CF 2128E1 - Submedians (Easy Version)
We are given an array and a length constraint $k$. From this array, we want to select a contiguous segment of length at least $k$.
CF 2128E1 - Submedians (Easy Version)
Rating: 1900
Tags: binary search, data structures, dp, greedy, math
Solve time: 1m 36s
Verified: no
Solution
Problem Understanding
We are given an array and a length constraint $k$. From this array, we want to select a contiguous segment of length at least $k$. Inside any chosen segment, we look at its median in a generalized sense: a value $v$ is considered a median if at least half of the elements are $\ge v$ and at least half are $\le v$. This definition allows multiple valid medians for even-length segments.
A value $v$ is called a submedian if there exists some valid segment (length at least $k$) where $v$ is one of the medians. Among all such values, we want the maximum possible $v$, and we also need to output any segment that makes it valid.
The key difficulty is not computing medians of a fixed segment, but deciding whether there exists a segment where a particular value can act as a median. Since we must maximize that value, the structure suggests a monotonic feasibility condition over values.
The constraints are large: the total array length over all test cases is up to 300,000. This immediately rules out any quadratic or even $O(n \sqrt{n})$ approach. Any solution must be close to linear or logarithmic per test case.
A subtle edge case appears when all values are identical. In that case, every segment works and the answer is trivially the maximum value in the array. Another non-trivial case arises when $k = 1$, where every single element forms a valid segment and the answer is simply the maximum array element, but the logic must still correctly produce a segment and not fail due to median handling assumptions.
A more dangerous pitfall is assuming that “median ≥ v” means the same as “at least half elements are ≥ v” without carefully balancing both sides of the inequality definition. The symmetry matters because even-length segments allow ties in the median condition.
Approaches
A direct approach tries every possible segment of length at least $k$, computes its median set, and checks all values that appear as medians. This is correct conceptually but infeasible: there are $O(n^2)$ segments, and computing median conditions even in $O(1)$ or $O(\log n)$ per segment still leads to far too many operations.
The key insight is to fix a candidate value $v$ and transform the array into a binary sequence: mark elements as $+1$ if $a_i \ge v$, and $-1$ otherwise. Now consider a segment. The condition that $v$ is a median is equivalent to the segment having non-negative “balance” under this transformation, meaning there are at least as many elements ≥ $v$ as elements < $v$ when scaled to the median threshold.

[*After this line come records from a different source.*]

Lemma embeds_split (G Q : group) (p : G -> Q) :
  split_ext p -> forall n, embeds n Q -> embeds n G.
Proof.
move=> [s [hs ps]] n [g [hg inj_g]]; exists (s \o g); split; first exact: hom_comp.
by move=> x y /= /(congr1 p); rewrite !ps => /inj_g.
Qed.

Definition comm_embed : F2 -> F2 := F2ext (gcomm (ginv ga) (ginv gb)) (gcomm ga gb).

(* [a^-1, b^-1] = a b a^-1 b^-1, [a, b] = a^-1 b^-1 a b and their inverses begin with the four
   distinct letters a, a^-1, b, b^-1. *)
Lemma comm_embed_inj : injective comm_embed.
Proof. by apply: F2ext_inj; vm_compute. Qed.

Lemma gcommute_comm_embed (G : group) (f : F2 -> G) (y : G) : is_hom f ->
  (forall x, gcentral (gcomm (f x) y)) -> forall x, gcommute (f (comm_embed x)) y.
Proof.
move=> hf central_fy; apply: (@F2_hom_commute _ (f \o comm_embed)).
- exact: hom_comp (F2ext_hom _ _) hf.
- by rewrite /= /comm_embed F2ext_ga (hom_gcomm hf); apply: gcommute_gcomm.
- by rewrite /= /comm_embed F2ext_gb (hom_gcomm hf); apply: gcommute_gcomm.
Qed.

Lemma central_lifts (N G Q : group) (i : N -> G) (p : G -> Q) n (g : gpower F2 n -> Q) :
  short_exact i p -> central_ext i -> is_hom g ->
  exists lift : 'I_n -> F2 -> G, [/\ forall m, is_hom (lift m),
    forall m x, p (lift m x) = g (in_coord m x) &
    forall m m' x y, m != m' -> gcentral (gcomm (lift m x) (lift m' y))].
Proof.
move=> [hi hp _ p_onto ker_p] i_central hg.
pose s q := epsilon (inhabits gone) (fun y => p y = q).
have sK q : p (s q) = q by apply: epsilon_spec (p_onto q).
pose lift m := F2ext (s (g (in_coord m ga))) (s (g (in_coord m gb))).
have hlift m : is_hom (lift m) := F2ext_hom _ _.
have p_lift m x : p (lift m x) = g (in_coord m x).
  apply: (@eq_F2_hom _ (p \o lift m) (g \o in_coord m)).
  - exact: hom_comp.
  - exact: hom_comp (in_coord_hom m) hg.
  - by rewrite /comp /lift F2ext_ga sK.
  - by rewrite /comp /lift F2ext_gb sK.
exists lift; split=> // m m' x y mm'.
have : p (gcomm (lift m x) (lift m' y)) = gone.
  by rewrite (hom_gcomm hp) !p_lift -(hom_gcomm hg) gcomm_in_coord_neq // (hom1 hg).
by case/ker_p => z <-; apply: i_central.
Qed.

Lemma embeds_central (N G Q : group) (i : N -> G) (p : G -> Q) :
  short_exact i p -> central_ext i -> forall n, embeds n Q -> embeds n G.
Proof.
move=> exact_ip i_central n [g [hg inj_g]]; have [_ hp _ _ _] := exact_ip.
have [lift [hlift p_lift lift_central]] := central_lifts exact_ip i_central hg.
pose Psi (x : gpower F2 n) := gprod (fun m => lift m (comm_embed (x m))) (enum 'I_n).
have p_Psi x : p (Psi x) = g (fun m => comm_embed (x m)).
  rewrite /Psi (hom_gprod _ _ hp) -[in RHS](gprod_in_coord (fun m => comm_embed (x m))).
  rewrite (hom_gprod _ _ hg); congr gprod; apply: functional_extensionality => m.
  by rewrite /= p_lift.
exists Psi; split.
  apply: (@gprod_hom _ _ _ (fun m => lift m \o comm_embed)) => [m | m m' x y mm'].
    exact: hom_comp (F2ext_hom _ _) (hlift m).
  by apply: (gcommute_comm_embed (hlift m)) => z; apply: lift_central.
move=> x y /(congr1 p); rewrite !p_Psi => /inj_g cxy.
apply: functional_extensionality => m; apply: comm_embed_inj.
exact: (congr1 (fun f => f m) cxy).
Qed.

Theorem proposition2p4 (N G Q : group) (i : N -> G) (p : G -> Q) :
  short_exact i p ->
  nu N = Some 0 ->
  le_enat (nu G) (nu Q) /\
  ((split_ext p \/ central_ext i) -> nu G = nu Q).
Proof.
move=> exact_ip nuN; have N1 : ~ embeds 1 N by have := nuP N; rewrite nuN => -[_ le0] /le0.
have GQ := embeds_quotient exact_ip N1.
split=> [|split_or_central]; first exact: le_nu.
apply: eq_nu => n; split; first exact: GQ.
case: split_or_central => [/embeds_split | /(embeds_central exact_ip)]; exact.
Qed.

With a small adjustment for the median definition, this reduces to finding a subarray of length at least $k$ whose sum is non-negative.
This turns the problem into a classic feasibility check: for a fixed $v$, we want to know whether there exists a subarray of length at least $k$ with sum ≥ 0 in the transformed array. This can be solved in linear time using prefix sums and a sliding minimum prefix over valid starting positions.
Since feasibility is monotone in $v$, if a value $v$ works, all smaller values also work. This allows binary search over $v$ in $[1, n]$. Each check is $O(n)$, so total complexity becomes $O(n \log n)$, which is sufficient.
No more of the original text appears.